Certain formulations were reached by the President, the Prime Minister and Speaker of Parliament, but they were not accepted by all the relevant parties. They also faced technical barriers that were said to be connected to the electoral register in Kirkuk for the year 2004.

Observers of the parliamentary sessions about the election law and the statements made by the parties would come to the conclusion that the election law has been overburdened in order to achieve electoral gains in advance. The aim for some is to ensure that they maintain positions of decision-making, domination and influence, paying no attention to the repercussions of prolonging arguments and escalating sharp disagreements on citizens and their mood, the negative effects on the political process, and the resulting loopholes that are exploited by the terrorist and anti-people forces. Furthermore, continuing the state of indecision will have a negative impact on the participation of broad masses of the people, especially since significant sections express, one way or another, their lack of enthusiasm for going to the polls because of ruling forces and blocs have failed to fulfill their promises and the pledges they had made to the voters.

The past few days have provided further evidence that influential forces continue to put their own priorities foremost, at the expense of the general interests of the people and the homeland. It goes without saying that these forces will also bear responsibility for any delay in holding elections on schedule on 16 January 2010.

We reaffirm our position that calls for recognizing the importance and necessity of holding the elections on schedule, especially since there are amendments to the current election law which enjoy consensus. These amendments constitute in our view, in the current climate of logjam, a way to overcome this situation, endorse amending the election law, and begin the actual preparations for the elections. The amendments that are the subject of agreement are:

- To fix the election date on 16 January 2010.
- To determine the number of members of Parliament based on the statistical data provided by the relevant departments.
- To replace the word "voters" in the election law in force with the word "population" for the purpose of determining the members of Parliament.
- To adopt the "open" electoral list rather than the "closed" list.
[ i.e. whether voters will be able to read the names of the individual politicians standing for office, or whether they will be asked to cast their vote simply for anonymous party blocs.]
- To establish a committee made up of Parliament and the Independent Higher Electoral Commission, in cooperation with the United Nations, to check the voters register and put an end to the controversy over its accuracy and the harm it does to the interests of this party or that.
- To accept the election results, and to stress that they do not affect the legal status of any province.
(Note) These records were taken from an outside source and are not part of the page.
(* Let $\beta>0$ and $t$ a positive integer. Suppose that for each $k=0,1,\dots,t$ the following hold: $\tilde{\boldsymbol{w}}^k=(\tilde{\boldsymbol{x}}^k,\tilde{\boldsymbol{\lambda}}^k)\in\Omega$ satisfies $f(\boldsymbol{x})-f(\tilde{\boldsymbol{x}}^k)+(\boldsymbol{w}-\tilde{\boldsymbol{w}}^k)^T\boldsymbol{\Gamma}(\tilde{\boldsymbol{w}}^k)\ge(\boldsymbol{w}-\tilde{\boldsymbol{w}}^k)^T\boldsymbol{Q}_k(\boldsymbol{w}^k-\tilde{\boldsymbol{w}}^k)$ for all $\boldsymbol{w}\in\Omega$; $\boldsymbol{M}_k$ is invertible with $\boldsymbol{H}_k=\boldsymbol{Q}_k\boldsymbol{M}_k^{-1}$ symmetric positive definite and $\boldsymbol{G}_k=\boldsymbol{Q}_k^T+\boldsymbol{Q}_k-\beta\boldsymbol{M}_k^T\boldsymbol{H}_k\boldsymbol{M}_k\succ0$; and $\boldsymbol{w}^{k+1}=\boldsymbol{w}^k-\beta\boldsymbol{M}_k(\boldsymbol{w}^k-\tilde{\boldsymbol{w}}^k)$. Suppose also $\boldsymbol{H}_{k-1}-\boldsymbol{H}_k\succeq0$ for $k=1,\dots,t$. Let $\tilde{\boldsymbol{x}}_t=\frac1{1+t}\sum_{k=0}^t\tilde{\boldsymbol{x}}^k$, $\tilde{\boldsymbol{w}}_t=\frac1{1+t}\sum_{k=0}^t\tilde{\boldsymbol{w}}^k$. Then $\tilde{\boldsymbol{w}}_t\in\Omega$ and $$f(\tilde{\boldsymbol{x}}_t)-f(\boldsymbol{x})+(\tilde{\boldsymbol{w}}_t-\boldsymbol{w})^T\boldsymbol{\Gamma}(\boldsymbol{w})\le\frac{1}{2\beta(1+t)}\|\boldsymbol{w}-\boldsymbol{w}^0\|_{\boldsymbol{H}_0}^2\quad\text{for all }\boldsymbol{w}=(\boldsymbol{x},\boldsymbol{\lambda})\in\Omega.$$
   Context: $\mathcal{X}\subset\mathbb{R}^n$ nonempty closed convex; $f:\mathbb{R}^n\to\mathbb{R}$ convex; $\phi_1,\dots,\phi_m$ convex and continuously differentiable; $\Phi=(\phi_1,\dots,\phi_m)^T$ with $m\times n$ Jacobian $\mathcal{D}\Phi$; $\Omega=\mathcal{X}\times\mathbb{R}^m_+$; $\boldsymbol{\Gamma}(\boldsymbol{w})=(\mathcal{D}\Phi(\boldsymbol{x})^T\boldsymbol{\lambda},-\Phi(\boldsymbol{x}))$. For $r_k,s_k>0$, $\boldsymbol{Q}_k=\begin{pmatrix} r_k\boldsymbol{I}_n & -\mathcal{D}\Phi(\tilde{\boldsymbol{x}}^k)^T\\ \boldsymbol{0} & s_k\boldsymbol{I}_m\end{pmatrix}$. $\|\boldsymbol{v}\|_{\boldsymbol{H}}^2=\boldsymbol{v}^T\boldsymbol{H}\boldsymbol{v}$. *)

From HB Require Import structures.
From mathcomp Require Import all_boot all_order all_algebra.
From mathcomp Require Import all_classical all_reals all_analysis.
Set Implicit Arguments. Unset Strict Implicit. Unset Printing Implicit Defensive.
Import Order.TTheory GRing.Theory Num.Theory.
Import numFieldNormedType.Exports.
Local Open Scope classical_set_scope.
Local Open Scope ring_scope.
If the intention is serious and sincere regarding amendments, then what is the subject of agreement, as mentioned above, can be approved and incorporated into the new law.

As for the issue of Kirkuk, it should be tackled within a constitutional context, and the solution is not linked to the adoption of the election law which is supposed to be comprehensive and covers all the provinces of Iraq. This legal context is based on Article 140 of the Constitution. The delay and inaction, and sometimes neglect, in implementing this article by successive governments have contributed to aggravating the matter instead of moving forward consistently to implement the roadmap set forth in Article 140. If this had been done and implemented, we would not have arrived at the point where we are now with regard to the situation in the city of Kirkuk.
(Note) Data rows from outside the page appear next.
(* Let $A$ be a set and $w\in A^*$ a word. Let $A_w$ be the set consisting of the empty word together with all words in $A^*$ that start with $w$ (i.e. have $w$ as a prefix). Then $A_w$ is a free submonoid of $A^*$ if and only if $w$ is non-overlapping.
   Context: $A^*$ is the free monoid of finite words over $A$ under concatenation; $l(x)$ denotes the length of a word $x$. A word $u$ overlaps with a word $v$ if there exist words $x,y$ with $ux=yv$ and $l(y)<l(u)$. A word $w$ is non-overlapping if it does not overlap with itself. A submonoid of $A^*$ is free if every element has a unique factorization into irreducibles (nonempty elements of the submonoid not expressible as a product of two nonempty elements of the submonoid). *)

From Stdlib Require Import List.
Import ListNotations.

(* u overlaps with v: there are words x, y with u x = y v and 0 < l(y) < l(u).
   (The nonemptiness of y is the intended reading.) *)
Definition overlaps {A : Type} (u v : list A) : Prop :=
  exists x y : list A, u ++ x = y ++ v /\ 0 < length y /\ length y < length u.

Definition non_overlapping {A : Type} (w : list A) : Prop := ~ overlaps w w.

Definition is_submonoid {A : Type} (S : list A -> Prop) : Prop :=
  S [] /\ (forall x y, S x -> S y -> S (x ++ y)).

Definition irreducible {A : Type} (S : list A -> Prop) (x : list A) : Prop :=
  S x /\ x <> [] /\
  ~ (exists y z, S y /\ S z /\ y <> [] /\ z <> [] /\ x = y ++ z).

Definition free_submonoid {A : Type} (S : list A -> Prop) : Prop :=
  is_submonoid S /\
  forall x, S x ->
    exists! fs : list (list A),
      (forall f, In f fs -> irreducible S f) /\ concat fs = x.

Definition A_w {A : Type} (w : list A) : list A -> Prop :=
  fun x => x = [] \/ exists v, x = w ++ v.

From Stdlib Require Import List Lia Classical.
Import ListNotations.

(* General part (any subset S of A^* ):
   - every element of S has a factorization into irreducibles, by strong
     induction on the length (splitting any reducible element);
   - if S is a submonoid with the cancellation property
       S v -> S (u v) -> S u,
     factorizations are unique: comparing two factorizations
     f R = g R' with g = f l, cancellation puts l in S, so l must be empty
     since g is irreducible.
   Words: for non-overlapping w, A_w has the cancellation property (a
   failure of it exhibits a nonempty proper border of w, i.e. an overlap),
   hence A_w is free.  Conversely, if w x = y w with 0 < l(y) < l(w), the
   word w y w has the two distinct factorizations w . (y w) and (w y) . w,
   whose factors are irreducible because they are shorter than 2 l(w). *)

Section Factorization.

Variable A : Type.
Variable S : list A -> Prop.

Definition factorization (fs : list (list A)) (x : list A) : Prop :=
  (forall f, In f fs -> irreducible S f) /\ concat fs = x.

(* Existence needs no hypothesis on S: peel off a splitting of any
   reducible element and recurse on the strictly shorter factors. *)
Lemma factorization_exists (x : list A) :
  S x -> exists fs, factorization fs x.
Proof.
  remember (length x) as n eqn:Hn. assert (Hlen : length x <= n) by lia.
  clear Hn. revert x Hlen. induction n as [|n IH]; intros x Hlen Hx.
  - destruct x; [|simpl in Hlen; lia].
    exists []. split; [intros f []|reflexivity].
  - destruct (classic (x = [])) as [->|Hne].
    { exists []. split; [intros f []|reflexivity]. }
    destruct (classic (exists y z, S y /\ S z /\ y <> [] /\ z <> [] /\ x = y ++ z))
      as [[y [z [Hy [Hz [Hy0 [Hz0 ->]]]]]] | Hirr].
    + rewrite length_app in Hlen.
      destruct y as [|a y]; [congruence|]. destruct z as [|b z]; [congruence|].
      simpl in Hlen.
      destruct (IH (a :: y) ltac:(simpl; lia) Hy) as [fs1 [Hfs1 E1]].
      destruct (IH (b :: z) ltac:(simpl; lia) Hz) as [fs2 [Hfs2 E2]].
      exists (fs1 ++ fs2). split.
      * intros f Hf. apply in_app_or in Hf. destruct Hf; auto.
      * now rewrite concat_app, E1, E2.
    + exists [x]. split.
      * intros f [<-|[]]. repeat split; assumption.
      * apply app_nil_r.
Qed.

(* Irreducibles are nonempty, so only the empty list factorizes []. *)
Lemma factorization_nil (fs : list (list A)) :
  factorization fs [] -> fs = [].
Proof.
  intros [Hfs E]. destruct fs as [|f fs]; [reflexivity|].
  destruct (Hfs f (or_introl eq_refl)) as [_ [Hf0 _]].
  apply app_eq_nil in E. tauto.
Qed.

Hypothesis S_submonoid : is_submonoid S.

Hypothesis S_cancel : forall u v, S v -> S (u ++ v) -> S u.

Lemma concat_in (fs : list (list A)) :
  (forall f, In f fs -> S f) -> S (concat fs).
Proof.
  destruct S_submonoid as [S_nil S_app].
  induction fs as [|f fs IH]; intro Hfs; simpl; [exact S_nil|].
  apply S_app; [apply Hfs; now left|apply IH; intros g Hg; apply Hfs; now right].
Qed.

(* An irreducible f cannot be extended to an irreducible f l by a word l
   that cancels against elements of S: l would lie in S and split f l. *)
Lemma irreducible_no_extension (f l r : list A) :
  irreducible S f -> irreducible S (f ++ l) -> S r -> S (l ++ r) -> l = [].
Proof.
  intros [Hf [Hf0 _]] [_ [_ Hsplit]] Hr Hlr.
  destruct (classic (l = [])) as [|Hl0]; [assumption|].
  exfalso. apply Hsplit. exists f, l.
  repeat split; auto. exact (S_cancel l r Hr Hlr).
Qed.

Lemma factorization_head (f g : list A) (fs gs : list (list A)) :
  factorization (f :: fs) (g ++ concat gs) -> factorization (g :: gs) (g ++ concat gs) ->
  f = g.
Proof.
  intros [Hfs E] [Hgs _]. simpl in E.
  assert (Rf : S (concat fs)) by (apply concat_in; intros h Hh; apply Hfs; now right).
  assert (Rg : S (concat gs)) by (apply concat_in; intros h Hh; apply Hgs; now right).
  assert (If : irreducible S f) by (apply Hfs; now left).
  assert (Ig : irreducible S g) by (apply Hgs; now left).
  destruct (app_eq_app _ _ _ _ E) as [l [[-> El]|[-> El]]].
  - rewrite (irreducible_no_extension g l (concat fs) Ig If Rf ltac:(now rewrite <- El)).
    apply app_nil_r.
  - rewrite (irreducible_no_extension f l (concat gs) If Ig Rg ltac:(now rewrite <- El)).
    symmetry. apply app_nil_r.
Qed.

Lemma factorization_unique (fs gs : list (list A)) (x : list A) :
  factorization fs x -> factorization gs x -> fs = gs.
Proof.
  revert gs x. induction fs as [|f fs IH]; intros gs x Hfs Hgs.
  - destruct Hfs as [_ <-]. symmetry. now apply factorization_nil.
  - destruct gs as [|g gs].
    + destruct Hgs as [_ <-]. now apply factorization_nil.
    + destruct Hgs as [Hgs Eg]. subst x.
      assert (Efg : f = g) by (apply (factorization_head f g fs gs); [exact Hfs|split; auto]).
      subst g. destruct Hfs as [Hfs Ef]. simpl in Ef. apply app_inv_head in Ef.
      f_equal. apply (IH gs (concat gs)); split; auto.
      * intros h Hh. apply Hfs. now right.
      * intros h Hh. apply Hgs. now right.
Qed.

Theorem free_of_cancel : free_submonoid S.
Proof.
  split; [exact S_submonoid|].
  intros x Hx. destruct (factorization_exists x Hx) as [fs Hfs].
  exists fs. split; [exact Hfs|].
  intros gs Hgs. exact (factorization_unique fs gs x Hfs Hgs).
Qed.

End Factorization.

Section Words.

Variable A : Type.

Lemma prefix_of_shorter (l a w b : list A) :
  l ++ a = w ++ b -> length l <= length w -> exists l', w = l ++ l'.
Proof.
  intros E Hlen. destruct (app_eq_app _ _ _ _ E) as [m [[Hl _]|[Hw _]]].
  - exists []. rewrite app_nil_r.
    assert (length m = 0) by (rewrite Hl, length_app in Hlen; lia).
    destruct m; [now rewrite app_nil_r in Hl|discriminate].
  - exists m. exact Hw.
Qed.

Lemma border_overlaps (w u l l' : list A) :
  u <> [] -> l <> [] -> w = u ++ l -> w = l ++ l' -> overlaps w w.
Proof.
  intros Hu Hl Hul Hll'. exists l', u. split.
  - rewrite Hul at 1. rewrite <- app_assoc, <- Hll'. reflexivity.
  - rewrite Hul, length_app.
    destruct u; [congruence|]. destruct l; [congruence|]. simpl. lia.
Qed.

Lemma A_w_submonoid (w : list A) : is_submonoid (A_w w).
Proof.
  split; [now left|].
  intros x y [->|[a ->]] Hy; [exact Hy|].
  right. exists (a ++ y). symmetry; apply app_assoc.
Qed.

(* For non-overlapping w, A_w cancels right factors: if v and u v lie in
   A_w, so does u.  Otherwise u would be a nonempty proper prefix of w and
   the rest of w a nonempty border of w. *)
Lemma A_w_cancel (w : list A) :
  non_overlapping w -> forall u v, A_w w v -> A_w w (u ++ v) -> A_w w u.
Proof.
  intros Hno u v Hv [Huv|[a Huv]].
  { left. apply app_eq_nil in Huv. tauto. }
  destruct (app_eq_app _ _ _ _ Huv) as [l [[Hu _] | [Hw Hv']]].
  { right. now exists l. }
  destruct (classic (u = [])) as [|Hu0]; [now left|].
  destruct l as [|z l]; [right; exists []; rewrite Hw, !app_nil_r; reflexivity|].
  exfalso. destruct Hv as [->|[b Hb]]; [discriminate|].
  rewrite Hb in Hv'.
  destruct (prefix_of_shorter (z :: l) a w b) as [l' Hl'].
  - now symmetry.
  - rewrite Hw, length_app. lia.
  - apply Hno. exact (border_overlaps w u (z :: l) l' Hu0 ltac:(discriminate) Hw Hl').
Qed.

(* A nonempty element of A_w shorter than 2 l(w) is irreducible, since a
   product of two nonempty elements of A_w has length at least 2 l(w). *)
Lemma A_w_short_irreducible (w x : list A) :
  A_w w x -> x <> [] -> length x < 2 * length w -> irreducible (A_w w) x.
Proof.
  intros Hx Hx0 Hlen. repeat split; [exact Hx|exact Hx0|].
  intros [y [z [[Hy|[a ->]] [[Hz|[b ->]] [Hy0 [Hz0 ->]]]]]]; try congruence.
  rewrite !length_app in Hlen. lia.
Qed.

(* An overlap w x = y w yields two distinct factorizations of w y w. *)
Lemma overlap_not_free (w x y : list A) :
  w ++ x = y ++ w -> 0 < length y < length w -> ~ free_submonoid (A_w w).
Proof.
  intros E [Hy0 Hyw] [_ Hfree].
  assert (Hne : forall z, w ++ z <> []).
  { intros z Hz. apply app_eq_nil in Hz. destruct Hz as [-> _]. simpl in Hyw. lia. }
  assert (Iw : irreducible (A_w w) w).
  { apply A_w_short_irreducible; [right; exists []; symmetry; apply app_nil_r| |lia].
    rewrite <- (app_nil_r w). apply Hne. }
  assert (Iyw : irreducible (A_w w) (y ++ w)).
  { rewrite <- E. apply A_w_short_irreducible; [right; now exists x|apply Hne|].
    rewrite E, length_app. lia. }
  assert (Iwy : irreducible (A_w w) (w ++ y)).
  { apply A_w_short_irreducible; [right; now exists y|apply Hne|rewrite length_app; lia]. }
  destruct (Hfree (w ++ y ++ w) ltac:(right; now exists (y ++ w))) as [fs [_ Hu]].
  assert (E1 : fs = [w; y ++ w]).
  { apply Hu. split; [intros f [<-|[<-|[]]]; assumption|simpl; now rewrite app_nil_r]. }
  assert (E2 : fs = [w ++ y; w]).
  { apply Hu. split; [intros f [<-|[<-|[]]]; assumption|].
    simpl. now rewrite app_nil_r, app_assoc. }
  rewrite E1 in E2. injection E2 as Ew _.
  apply (f_equal (@length A)) in Ew. rewrite length_app in Ew. lia.
Qed.

End Words.

Theorem lemma4 (A : Type) (w : list A) :
  free_submonoid (A_w w) <-> non_overlapping w.
Proof.
  split.
  - intros Hfree [x [y [E Hy]]]. exact (overlap_not_free A w x y E Hy Hfree).
  - intro Hno. apply free_of_cancel.
    + apply A_w_submonoid.
    + exact (A_w_cancel A w Hno).
Qed.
Another factor obstructing efforts to reach a solution is the failure to conduct a population census, which, if it had been carried out in time, would have overcome a lot of present problems and obstacles.
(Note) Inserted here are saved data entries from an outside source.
(* Let $\mathcal{T}=(V,A,E,f,q,v_0)$ be a decorated rooted tree that has negative determinants and satisfies $f(A)\subseteq\mathbb{N}=\{0,1,2,\dots\}$. Let $v,v'\in V$ with $v<v'$ and suppose the path $\gamma=\gamma_{v,v'}=(x_0,\dots,x_n)$ is linear; let $q=q(\{x_0,x_1\},v)$ and $Q'=Q(\{x_{n-1},x_n\},v')$. (a) $q>0$, $Q'>0$, and $q\,N_{v'}-Q'\,N_v\le0$. (b) If there exists $\alpha\in A\setminus A_0$ with $\alpha>v'$, then $q\,N_{v'}-Q'\,N_v<0$.
   Context: A graph is a pair $(X_0,X_1)$ of finite sets such that each element of $X_1$ (an edge) is a $2$-element subset of $X_0$; elements of $X_0$ are cells. The valency $\delta_x$ of a cell is the number of edges containing it. A path is a tuple $(x_0,\dots,x_n)$ ($n\ge0$) of cells with $\{x_i,x_{i+1}\}$ an edge for each $i<n$, these edges pairwise distinct; a cell/edge is in the path if it is some $x_i$ / some $\{x_i,x_{i+1}\}$. The graph is a tree if any two cells $x,y$ are joined by a unique path $\gamma_{x,y}$. A decorated tree is $(V,A,E,f,q)$ with $V$ (vertices), $A$ (arrows) finite disjoint sets, $(V\cup A,E)$ a tree, every arrow of valency $1$, $f:A\to\mathbb{Z}$, $q(e,x)\in\mathbb{Z}$ for each $e\in E$, $x\in e$, with $q(e,\alpha)=1$ for $\alpha\in A$, and for each $v\in V$ and distinct edges $e,e'\ni v$, $\gcd(q(e,v),q(e',v))=1$. $A_0=\{\alpha\in A:f(\alpha)=0\}$. For $x\in V\cup A$, $e\ni x$: $Q(e,x)=\prod q(e',x)$ over edges $e'\ne e$ containing $x$ (empty product $=1$); $\det(\{x,y\})=q(e,x)q(e,y)-Q(e,x)Q(e,y)$ for $e=\{x,y\}$. An edge $\varepsilon$ is incident to a path $\gamma$ if it is not in $\gamma$ but contains a cell $u$ of $\gamma$; $q(\varepsilon,\gamma):=q(\varepsilon,u)$. For $v\ne\alpha$, $v\in V\cup A$, $\alpha\in A$: $x_{v,\alpha}=f(\alpha)\prod_\varepsilon q(\varepsilon,\gamma_{v,\alpha})$ over edges incident to $\gamma_{v,\alpha}$. For $v\in V\cup A_0$, $N_v=\sum_{\alpha\in A\setminus A_0}x_{v,\alpha}$. A path $(x_0,\dots,x_n)$, $n>0$, is linear if $\delta_{x_i}=2$ for all $0<i<n$. A root of $(V,A,E,f,q)$ is a vertex $v_0$ with $q(e,v_0)=1$ for every edge $e\ni v_0$ such that for every $v\in V\setminus\{v_0\}$, all edges $e\ni v$ not in $\gamma_{v_0,v}$ satisfy $q(e,v)\ge1$ and at most one of them satisfies $q(e,v)\ne1$. A decorated rooted tree is $(V,A,E,f,q,v_0)$ with $v_0$ a root. For distinct $x,y\in V\cup A$, $x<y$ means $x$ is in $\gamma_{v_0,y}$. $\mathcal{T}$ has negative determinants if $\det(e)<0$ for every edge $e=\{x,y\}$ with $x,y\in V$. *)

From Stdlib Require Import ClassicalEpsilon.
From mathcomp Require Import all_boot all_order all_algebra.
Set Implicit Arguments. Unset Strict Implicit. Unset Printing Implicit Defensive.
Import Order.TTheory GRing.Theory Num.Theory.
Local Open Scope ring_scope.

(* Cells are the elements of a finite type T (= V ∪ A); edges are 2-element
   subsets of T. *)

Definition edges_of (T : finType) (p : seq T) : seq {set T} :=
  [seq [set xy.1; xy.2] | xy <- zip p (behead p)].

Definition is_path (T : finType) (E : {set {set T}}) (x y : T) (p : seq T) : bool :=
  [&& p != [::], head x p == x, last x p == y,
      all (fun e => e \in E) (edges_of p) & uniq (edges_of p)].

Definition is_tree (T : finType) (E : {set {set T}}) : Prop :=
  forall x y : T, exists! p : seq T, is_path E x y p.

Definition gamma (T : finType) (E : {set {set T}}) (x y : T) : seq T :=
  epsilon (inhabits [:: x]) (fun p => is_path E x y p).

Definition valency (T : finType) (E : {set {set T}}) (x : T) : nat :=
  #|[set e in E | x \in e]|.

Definition Qf (T : finType) (E : {set {set T}}) (q : {set T} -> T -> int)
  (e : {set T}) (x : T) : int :=
  \prod_(e' in E | (x \in e') && (e' != e)) q e' x.

Definition detE (T : finType) (E : {set {set T}}) (q : {set T} -> T -> int)
  (x y : T) : int :=
  q [set x; y] x * q [set x; y] y - Qf E q [set x; y] x * Qf E q [set x; y] y.

Definition xva (T : finType) (E : {set {set T}}) (f : T -> int)
  (q : {set T} -> T -> int) (v a : T) : int :=
  let g := gamma E v a in
  f a * \prod_(eps in E | (eps \notin edges_of g) && has (fun u => u \in eps) g)
          q eps (nth v g (find (fun u => u \in eps) g)).

(* N_v = sum over alpha in A \ A_0 of x_{v,alpha} *)
Definition Nv (T : finType) (A : {set T}) (E : {set {set T}}) (f : T -> int)
  (q : {set T} -> T -> int) (v : T) : int :=
  \sum_(a in A | f a != 0) xva E f q v a.

Definition linear_path (T : finType) (E : {set {set T}}) (p : seq T) : bool :=
  match p with
  | [::] => false
  | x :: _ => (1 < size p)%N &&
              all (fun i => valency E (nth x p i) == 2%N) (iota 1 (size p - 2))
  end.

Definition decorated_tree (T : finType) (V A : {set T}) (E : {set {set T}})
  (f : T -> int) (q : {set T} -> T -> int) : Prop :=
  [disjoint V & A] /\ V :|: A = [set: T] /\
  (forall e, e \in E -> #|e| = 2%N) /\
  is_tree E /\
  (forall a, a \in A -> valency E a = 1%N) /\
  (forall e a, e \in E -> a \in A -> a \in e -> q e a = 1) /\
  (forall v e e', v \in V -> e \in E -> e' \in E -> v \in e -> v \in e' ->
     e != e' -> gcdz (q e v) (q e' v) = 1).

Definition is_root (T : finType) (V : {set T}) (E : {set {set T}})
  (q : {set T} -> T -> int) (v0 : T) : Prop :=
  [/\ v0 \in V,
      (forall e, e \in E -> v0 \in e -> q e v0 = 1) &
      (forall v, v \in V -> v != v0 ->
         (forall e, e \in E -> v \in e -> e \notin edges_of (gamma E v0 v) -> 1 <= q e v)
         /\ (#|[set e in E | [&& v \in e, e \notin edges_of (gamma E v0 v) & q e v != 1]]|
               <= 1)%N)].

Definition tree_lt (T : finType) (E : {set {set T}}) (v0 x y : T) : bool :=
  (x != y) && (x \in gamma E v0 y).

Definition negative_dets (T : finType) (V : {set T}) (E : {set {set T}})
  (q : {set T} -> T -> int) : Prop :=
  forall x y, x \in V -> y \in V -> [set x; y] \in E -> detE E q x y < 0.

(* Write gamma_{v,v'} = (x_0, ..., x_n).  Its interior cells have valency 2, so at
   such a cell Q for one path edge is q for the other, and the negative determinants
   of the path edges chain together into
     q(x_0x_1, v) * q(x_{n-1}x_n, v') < Q(x_0x_1, v) * Q(x_{n-1}x_n, v').
   The root condition gives q(e, u) >= 1 for every vertex u and every edge e at u not
   on gamma_{v_0,u}; hence q > 0, Q' > 0, and all products of incident decorations
   met below are positive.
   The path from an arrow alpha first meets gamma_{v,v'} at one of its ends.  If
   gamma_{v,alpha} runs through v', then x_{v,alpha} = f(alpha) Q(x_0x_1, v) K and
   x_{v',alpha} = f(alpha) q(x_{n-1}x_n, v') K with the same K > 0, so the term
   q x_{v',alpha} - Q' x_{v,alpha} is negative.  Otherwise gamma_{v',alpha} runs
   through v, the same computation makes that term 0, and alpha is not beyond v'. *)

From Stdlib Require Import ClassicalEpsilon.
From mathcomp Require Import all_boot all_order all_algebra.
From mathcomp Require Import zify ring lra.
Import Order.TTheory GRing.Theory Num.Theory.
Local Open Scope ring_scope.
Set Implicit Arguments. Unset Strict Implicit. Unset Printing Implicit Defensive.

Lemma cross_lt_trans (R : realDomainType) (a0 A0 a b b' c : R) :
  0 < a0 -> 0 < a -> 0 < c -> a0 * b < A0 * a -> a * b' < b * c -> a0 * b' < A0 * c.
Proof. by move=> *; nra. Qed.

Lemma head_rev (T : Type) (x : T) s : head x (rev s) = last x s.
Proof. by case/lastP: s => [|s y] //; rewrite rev_rcons last_rcons. Qed.

Lemma last_rev (T : Type) (x : T) s : last x (rev s) = head x s.
Proof. by case: s => [|y s] //; rewrite rev_cons last_rcons. Qed.

Lemma nth1_cons_rcons (T : Type) (x y : T) s : nth x (x :: rcons s y) 1 = head y s.
Proof. by case: s. Qed.

Lemma nth_size_cons_rcons (T : Type) (x y : T) s : nth x (x :: rcons s y) (size s) = last x s.
Proof. by rewrite -rcons_cons nth_rcons /= ltnS leqnn; apply: (nth_last x (x :: s)). Qed.

Lemma nth_last_cons_rcons (T : Type) (x y : T) s : nth x (x :: rcons s y) (size s).+1 = y.
Proof. by rewrite /= nth_rcons ltnn eqxx. Qed.

Lemma mem_split (T : eqType) (s : seq T) x : x \in s -> exists s1 s2, s = s1 ++ x :: s2.
Proof. by case/splitPr=> s1 s2; exists s1, s2. Qed.

Lemma has_split_last (T : Type) (P : pred T) s : has P s ->
  exists s1 c s2, [/\ s = s1 ++ c :: s2, P c & ~~ has P s2].
Proof.
elim/last_ind: s => [//|s z IH]; rewrite has_rcons.
case: (boolP (P z)) => [Pz _|PNz /= /IH[s1 [c [s2 [-> Pc PNs2]]]]].
  by exists s, z, [::]; rewrite cats1.
by exists s1, c, (rcons s2 z); rewrite rcons_cat has_rcons negb_or PNz.
Qed.

Section Paths.
Variables (T : finType) (E : {set {set T}}).

Definition adj (a b : T) : bool := [set a; b] \in E.

Lemma adj_sym : symmetric adj.
Proof. by move=> a b; rewrite /adj setUC. Qed.

Lemma edges_of_cons2 (x y : T) s : edges_of (x :: y :: s) = [set x; y] :: edges_of (y :: s).
Proof. by []. Qed.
We were fully confident that Kirkuk and other issues could have been addressed within the context of adopting the proposal of conducting the elections according to proportional representation and considering Iraq as one electoral constituency. This is a formula which we believe to be more just and democratic, a better articulation of the principle of citizenship, embodying national unity and ensuring the representation of all the political, ethnic, religious and confessional components in the new Parliament.

We stress anew the need to overcome the differences between the political blocs, confine the amendments to the election law to the points that are the subject of agreement, hold the elections at the specified time, and deny the enemies of our homeland and people the chance to inflict harm.